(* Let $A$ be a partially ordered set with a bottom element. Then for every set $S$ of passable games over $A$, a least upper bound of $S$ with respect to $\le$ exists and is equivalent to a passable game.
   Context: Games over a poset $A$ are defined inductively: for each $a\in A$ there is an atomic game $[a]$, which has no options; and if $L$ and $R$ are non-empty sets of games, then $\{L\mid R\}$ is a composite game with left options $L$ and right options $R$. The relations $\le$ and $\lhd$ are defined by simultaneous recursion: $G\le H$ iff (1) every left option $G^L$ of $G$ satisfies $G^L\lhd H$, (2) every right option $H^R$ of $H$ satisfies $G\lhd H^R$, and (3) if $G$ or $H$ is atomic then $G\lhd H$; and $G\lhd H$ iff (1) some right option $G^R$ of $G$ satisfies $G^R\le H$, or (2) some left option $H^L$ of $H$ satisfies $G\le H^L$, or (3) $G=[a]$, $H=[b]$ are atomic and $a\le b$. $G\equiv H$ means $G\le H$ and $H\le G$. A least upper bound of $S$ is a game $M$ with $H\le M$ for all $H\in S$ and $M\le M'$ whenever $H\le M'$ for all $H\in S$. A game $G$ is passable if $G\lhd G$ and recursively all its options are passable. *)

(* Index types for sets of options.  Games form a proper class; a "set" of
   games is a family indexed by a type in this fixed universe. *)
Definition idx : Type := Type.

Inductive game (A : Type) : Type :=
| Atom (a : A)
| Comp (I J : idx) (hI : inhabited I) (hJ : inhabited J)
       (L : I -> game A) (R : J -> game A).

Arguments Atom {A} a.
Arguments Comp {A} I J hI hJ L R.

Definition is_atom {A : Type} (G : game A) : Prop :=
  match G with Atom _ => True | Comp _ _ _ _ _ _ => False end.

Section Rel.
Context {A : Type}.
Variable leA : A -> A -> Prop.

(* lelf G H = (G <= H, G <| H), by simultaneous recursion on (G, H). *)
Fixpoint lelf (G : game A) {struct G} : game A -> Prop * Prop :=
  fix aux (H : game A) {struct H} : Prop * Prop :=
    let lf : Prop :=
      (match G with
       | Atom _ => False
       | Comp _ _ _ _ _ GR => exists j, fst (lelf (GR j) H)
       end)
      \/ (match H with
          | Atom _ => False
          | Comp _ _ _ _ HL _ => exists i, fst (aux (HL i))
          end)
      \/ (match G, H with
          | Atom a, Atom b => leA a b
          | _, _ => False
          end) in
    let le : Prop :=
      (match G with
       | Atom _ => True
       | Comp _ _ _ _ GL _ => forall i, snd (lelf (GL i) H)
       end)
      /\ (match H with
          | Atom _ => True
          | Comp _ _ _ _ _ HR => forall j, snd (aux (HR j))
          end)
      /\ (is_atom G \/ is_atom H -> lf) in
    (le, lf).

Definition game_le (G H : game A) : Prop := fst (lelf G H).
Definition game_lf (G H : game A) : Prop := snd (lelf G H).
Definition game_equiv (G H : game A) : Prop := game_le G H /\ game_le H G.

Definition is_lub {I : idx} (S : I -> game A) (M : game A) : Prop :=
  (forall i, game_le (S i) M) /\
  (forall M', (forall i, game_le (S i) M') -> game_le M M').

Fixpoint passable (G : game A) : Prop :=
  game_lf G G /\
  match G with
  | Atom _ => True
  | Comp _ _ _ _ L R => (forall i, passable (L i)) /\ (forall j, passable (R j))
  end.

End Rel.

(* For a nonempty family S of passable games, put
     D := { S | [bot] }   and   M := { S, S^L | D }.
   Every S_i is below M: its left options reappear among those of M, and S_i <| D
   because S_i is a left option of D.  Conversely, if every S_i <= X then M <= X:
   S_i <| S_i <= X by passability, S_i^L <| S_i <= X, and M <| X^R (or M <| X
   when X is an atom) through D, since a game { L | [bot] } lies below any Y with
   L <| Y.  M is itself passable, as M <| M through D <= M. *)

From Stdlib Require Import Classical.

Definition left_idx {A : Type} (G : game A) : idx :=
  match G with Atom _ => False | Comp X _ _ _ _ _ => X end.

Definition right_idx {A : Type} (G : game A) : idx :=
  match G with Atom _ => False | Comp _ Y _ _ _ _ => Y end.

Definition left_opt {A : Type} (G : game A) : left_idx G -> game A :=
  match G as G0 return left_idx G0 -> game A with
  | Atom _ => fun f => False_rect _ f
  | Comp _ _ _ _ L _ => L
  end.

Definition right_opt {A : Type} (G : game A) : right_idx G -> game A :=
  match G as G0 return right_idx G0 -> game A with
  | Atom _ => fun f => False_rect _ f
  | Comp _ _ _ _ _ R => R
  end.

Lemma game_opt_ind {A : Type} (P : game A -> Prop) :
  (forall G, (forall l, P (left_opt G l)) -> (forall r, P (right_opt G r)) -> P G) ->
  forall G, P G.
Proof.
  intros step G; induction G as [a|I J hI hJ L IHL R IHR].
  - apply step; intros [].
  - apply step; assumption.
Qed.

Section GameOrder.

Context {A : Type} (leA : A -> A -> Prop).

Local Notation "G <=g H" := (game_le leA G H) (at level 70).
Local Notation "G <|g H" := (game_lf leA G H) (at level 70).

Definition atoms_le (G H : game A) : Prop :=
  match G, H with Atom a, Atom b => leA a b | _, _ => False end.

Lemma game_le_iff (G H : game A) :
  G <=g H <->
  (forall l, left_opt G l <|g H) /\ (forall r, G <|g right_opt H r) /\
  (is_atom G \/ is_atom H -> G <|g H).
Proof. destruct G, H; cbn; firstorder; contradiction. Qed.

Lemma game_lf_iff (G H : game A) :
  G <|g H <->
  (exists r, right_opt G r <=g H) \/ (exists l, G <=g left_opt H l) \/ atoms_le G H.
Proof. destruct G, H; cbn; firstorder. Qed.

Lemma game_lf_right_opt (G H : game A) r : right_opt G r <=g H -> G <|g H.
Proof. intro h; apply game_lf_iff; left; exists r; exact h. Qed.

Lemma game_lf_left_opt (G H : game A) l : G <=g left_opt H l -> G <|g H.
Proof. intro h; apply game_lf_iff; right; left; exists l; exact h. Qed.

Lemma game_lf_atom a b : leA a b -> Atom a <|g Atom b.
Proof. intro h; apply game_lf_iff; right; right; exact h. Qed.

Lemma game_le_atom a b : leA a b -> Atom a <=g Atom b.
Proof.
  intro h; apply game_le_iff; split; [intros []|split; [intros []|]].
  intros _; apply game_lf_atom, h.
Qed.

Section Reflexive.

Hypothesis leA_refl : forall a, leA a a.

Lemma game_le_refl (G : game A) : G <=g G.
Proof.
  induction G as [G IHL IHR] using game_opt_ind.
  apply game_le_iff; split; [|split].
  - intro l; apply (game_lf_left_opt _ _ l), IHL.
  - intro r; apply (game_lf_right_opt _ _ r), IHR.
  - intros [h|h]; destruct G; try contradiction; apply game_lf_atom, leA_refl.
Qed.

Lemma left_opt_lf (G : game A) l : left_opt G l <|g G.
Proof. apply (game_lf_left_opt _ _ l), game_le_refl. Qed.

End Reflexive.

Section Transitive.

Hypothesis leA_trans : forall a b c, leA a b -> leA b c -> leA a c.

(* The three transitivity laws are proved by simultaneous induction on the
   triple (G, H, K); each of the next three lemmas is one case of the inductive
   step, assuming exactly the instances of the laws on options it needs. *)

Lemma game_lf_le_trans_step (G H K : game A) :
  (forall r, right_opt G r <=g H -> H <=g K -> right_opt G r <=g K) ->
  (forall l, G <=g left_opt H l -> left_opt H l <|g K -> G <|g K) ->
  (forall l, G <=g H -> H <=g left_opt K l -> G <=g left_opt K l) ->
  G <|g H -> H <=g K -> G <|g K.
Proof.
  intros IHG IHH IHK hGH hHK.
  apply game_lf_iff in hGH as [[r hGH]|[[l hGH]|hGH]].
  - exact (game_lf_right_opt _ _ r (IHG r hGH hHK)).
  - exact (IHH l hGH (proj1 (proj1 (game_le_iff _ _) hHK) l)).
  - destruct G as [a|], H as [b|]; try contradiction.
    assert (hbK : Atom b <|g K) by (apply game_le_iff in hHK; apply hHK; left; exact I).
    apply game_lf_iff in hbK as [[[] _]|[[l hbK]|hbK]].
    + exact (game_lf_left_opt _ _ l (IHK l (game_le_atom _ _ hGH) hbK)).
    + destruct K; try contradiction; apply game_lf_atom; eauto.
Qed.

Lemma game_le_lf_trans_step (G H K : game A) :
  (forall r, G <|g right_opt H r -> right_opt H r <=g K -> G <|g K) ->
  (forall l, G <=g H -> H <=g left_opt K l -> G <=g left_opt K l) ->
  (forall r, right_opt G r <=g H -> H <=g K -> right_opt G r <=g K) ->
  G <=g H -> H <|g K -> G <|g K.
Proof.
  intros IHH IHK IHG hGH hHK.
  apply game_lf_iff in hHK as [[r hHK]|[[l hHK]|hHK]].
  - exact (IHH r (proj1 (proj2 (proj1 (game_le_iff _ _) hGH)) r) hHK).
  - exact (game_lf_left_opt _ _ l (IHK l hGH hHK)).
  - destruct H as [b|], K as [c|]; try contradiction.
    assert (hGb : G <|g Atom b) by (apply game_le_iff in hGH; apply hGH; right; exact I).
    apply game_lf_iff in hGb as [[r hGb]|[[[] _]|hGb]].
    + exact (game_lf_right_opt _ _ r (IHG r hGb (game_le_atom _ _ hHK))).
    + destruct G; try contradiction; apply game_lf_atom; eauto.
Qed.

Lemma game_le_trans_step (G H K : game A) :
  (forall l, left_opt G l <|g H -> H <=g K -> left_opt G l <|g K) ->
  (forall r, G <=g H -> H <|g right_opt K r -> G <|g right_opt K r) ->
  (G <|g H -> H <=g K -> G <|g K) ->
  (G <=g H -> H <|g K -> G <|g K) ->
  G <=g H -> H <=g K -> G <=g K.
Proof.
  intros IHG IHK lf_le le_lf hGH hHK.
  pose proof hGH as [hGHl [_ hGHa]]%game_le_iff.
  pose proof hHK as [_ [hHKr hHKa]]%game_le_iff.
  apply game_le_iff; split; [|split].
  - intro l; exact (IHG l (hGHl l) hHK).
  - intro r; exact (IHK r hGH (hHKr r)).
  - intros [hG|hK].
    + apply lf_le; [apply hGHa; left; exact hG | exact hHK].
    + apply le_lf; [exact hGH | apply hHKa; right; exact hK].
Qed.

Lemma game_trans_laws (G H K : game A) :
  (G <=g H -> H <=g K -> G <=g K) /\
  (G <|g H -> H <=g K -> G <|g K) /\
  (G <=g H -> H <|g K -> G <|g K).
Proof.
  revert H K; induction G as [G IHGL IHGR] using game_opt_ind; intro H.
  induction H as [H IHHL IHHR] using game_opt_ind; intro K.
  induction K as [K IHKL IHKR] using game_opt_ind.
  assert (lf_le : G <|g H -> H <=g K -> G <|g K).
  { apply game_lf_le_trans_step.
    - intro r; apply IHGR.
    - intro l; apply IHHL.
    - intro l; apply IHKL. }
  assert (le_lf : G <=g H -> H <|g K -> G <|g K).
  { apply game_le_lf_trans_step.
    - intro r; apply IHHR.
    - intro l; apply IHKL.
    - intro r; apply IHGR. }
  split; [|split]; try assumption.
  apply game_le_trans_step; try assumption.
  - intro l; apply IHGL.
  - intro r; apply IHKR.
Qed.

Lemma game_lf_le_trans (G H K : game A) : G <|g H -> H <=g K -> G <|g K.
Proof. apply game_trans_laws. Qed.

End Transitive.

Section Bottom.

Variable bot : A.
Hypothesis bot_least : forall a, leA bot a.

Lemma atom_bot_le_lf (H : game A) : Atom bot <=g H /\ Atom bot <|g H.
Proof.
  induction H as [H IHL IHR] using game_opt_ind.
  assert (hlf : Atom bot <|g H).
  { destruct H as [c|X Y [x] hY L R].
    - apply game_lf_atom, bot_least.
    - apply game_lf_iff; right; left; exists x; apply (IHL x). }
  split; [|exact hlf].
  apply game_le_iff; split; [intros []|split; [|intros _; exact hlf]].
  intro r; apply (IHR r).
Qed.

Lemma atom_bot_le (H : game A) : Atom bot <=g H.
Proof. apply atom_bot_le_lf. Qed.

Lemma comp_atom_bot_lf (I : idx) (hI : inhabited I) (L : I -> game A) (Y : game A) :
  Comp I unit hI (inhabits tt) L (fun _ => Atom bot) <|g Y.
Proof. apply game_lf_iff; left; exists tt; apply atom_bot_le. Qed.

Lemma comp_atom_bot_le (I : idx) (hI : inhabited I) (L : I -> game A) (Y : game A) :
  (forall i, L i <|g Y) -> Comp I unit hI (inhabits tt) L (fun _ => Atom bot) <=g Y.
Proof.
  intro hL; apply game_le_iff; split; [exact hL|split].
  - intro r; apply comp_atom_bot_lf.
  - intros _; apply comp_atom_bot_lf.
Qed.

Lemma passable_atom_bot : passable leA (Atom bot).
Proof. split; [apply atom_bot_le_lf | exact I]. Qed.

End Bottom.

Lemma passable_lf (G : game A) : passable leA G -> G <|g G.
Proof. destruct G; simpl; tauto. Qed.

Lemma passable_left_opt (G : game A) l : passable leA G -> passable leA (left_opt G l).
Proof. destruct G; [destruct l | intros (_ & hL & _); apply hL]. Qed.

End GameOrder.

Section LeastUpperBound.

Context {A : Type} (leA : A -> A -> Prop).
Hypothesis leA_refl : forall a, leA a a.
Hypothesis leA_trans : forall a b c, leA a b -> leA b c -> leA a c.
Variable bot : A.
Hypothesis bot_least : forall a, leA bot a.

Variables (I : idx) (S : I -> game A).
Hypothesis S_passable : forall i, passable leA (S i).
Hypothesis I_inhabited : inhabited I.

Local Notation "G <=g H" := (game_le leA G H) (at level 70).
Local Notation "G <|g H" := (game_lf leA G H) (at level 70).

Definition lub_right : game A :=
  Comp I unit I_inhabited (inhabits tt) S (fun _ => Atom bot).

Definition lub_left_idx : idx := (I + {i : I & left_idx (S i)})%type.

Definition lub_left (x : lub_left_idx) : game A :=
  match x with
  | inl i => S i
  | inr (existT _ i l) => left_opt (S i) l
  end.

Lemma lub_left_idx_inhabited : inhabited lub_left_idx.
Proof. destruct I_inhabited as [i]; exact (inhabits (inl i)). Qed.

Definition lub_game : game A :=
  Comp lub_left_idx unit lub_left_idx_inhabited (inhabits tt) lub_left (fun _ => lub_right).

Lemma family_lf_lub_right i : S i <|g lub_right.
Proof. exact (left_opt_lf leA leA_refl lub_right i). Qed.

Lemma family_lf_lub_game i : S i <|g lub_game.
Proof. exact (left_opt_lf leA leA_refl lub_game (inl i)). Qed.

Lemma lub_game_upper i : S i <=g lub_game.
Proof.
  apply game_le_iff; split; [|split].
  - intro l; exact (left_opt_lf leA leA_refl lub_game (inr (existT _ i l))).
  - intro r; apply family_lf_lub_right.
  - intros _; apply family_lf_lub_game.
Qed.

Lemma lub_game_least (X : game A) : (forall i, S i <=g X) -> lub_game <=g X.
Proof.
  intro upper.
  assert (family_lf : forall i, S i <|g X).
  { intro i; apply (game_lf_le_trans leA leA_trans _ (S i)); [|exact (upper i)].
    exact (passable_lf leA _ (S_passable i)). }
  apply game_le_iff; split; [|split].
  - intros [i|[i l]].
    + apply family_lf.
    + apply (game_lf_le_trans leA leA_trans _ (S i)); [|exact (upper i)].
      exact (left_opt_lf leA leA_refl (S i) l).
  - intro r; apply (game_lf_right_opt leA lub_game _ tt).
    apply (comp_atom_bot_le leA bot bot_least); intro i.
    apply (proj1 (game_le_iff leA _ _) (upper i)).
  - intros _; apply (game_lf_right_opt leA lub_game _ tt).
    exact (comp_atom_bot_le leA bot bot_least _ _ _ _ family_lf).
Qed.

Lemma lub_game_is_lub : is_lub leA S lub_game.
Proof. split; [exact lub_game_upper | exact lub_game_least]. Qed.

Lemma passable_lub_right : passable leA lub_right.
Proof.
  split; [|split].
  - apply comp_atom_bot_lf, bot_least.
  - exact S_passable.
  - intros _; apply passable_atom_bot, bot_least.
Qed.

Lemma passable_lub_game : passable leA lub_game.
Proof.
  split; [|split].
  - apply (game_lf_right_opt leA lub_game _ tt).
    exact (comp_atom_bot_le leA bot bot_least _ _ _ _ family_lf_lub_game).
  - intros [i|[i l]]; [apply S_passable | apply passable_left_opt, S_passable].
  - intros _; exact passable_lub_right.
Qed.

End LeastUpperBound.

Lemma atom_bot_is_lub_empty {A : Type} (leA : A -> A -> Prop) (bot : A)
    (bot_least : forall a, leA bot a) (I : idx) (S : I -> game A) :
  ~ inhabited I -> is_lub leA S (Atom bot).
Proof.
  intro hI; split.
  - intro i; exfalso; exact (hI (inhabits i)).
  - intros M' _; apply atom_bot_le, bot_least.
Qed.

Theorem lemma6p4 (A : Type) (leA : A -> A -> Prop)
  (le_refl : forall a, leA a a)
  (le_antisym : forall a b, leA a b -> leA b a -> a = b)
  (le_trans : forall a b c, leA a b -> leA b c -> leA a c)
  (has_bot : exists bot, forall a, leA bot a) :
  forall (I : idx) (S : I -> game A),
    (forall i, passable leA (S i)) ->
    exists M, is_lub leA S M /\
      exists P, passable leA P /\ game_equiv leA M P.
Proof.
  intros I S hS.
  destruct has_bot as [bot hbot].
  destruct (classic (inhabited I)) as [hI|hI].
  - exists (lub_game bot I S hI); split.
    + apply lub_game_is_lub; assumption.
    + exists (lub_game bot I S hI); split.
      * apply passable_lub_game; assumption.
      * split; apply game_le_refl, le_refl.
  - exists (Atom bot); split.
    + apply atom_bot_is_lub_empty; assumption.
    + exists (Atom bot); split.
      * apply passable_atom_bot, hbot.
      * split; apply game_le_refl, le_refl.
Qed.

● ● ● ● ● ● ●

■ Work instructions ■
Of the entries above, repeat exactly the lines between the line with "- exact S_passable." and the line with "bot_least _ _ _ _ family_lf_lub_game).", inclusive, and no others.

■ Solution to the exercise ■
  - exact S_passable.
  - intros _; apply passable_atom_bot, bot_least.
Qed.

Lemma passable_lub_game : passable leA lub_game.
Proof.
  split; [|split].
  - apply (game_lf_right_opt leA lub_game _ tt).
    exact (comp_atom_bot_le leA bot bot_least _ _ _ _ family_lf_lub_game).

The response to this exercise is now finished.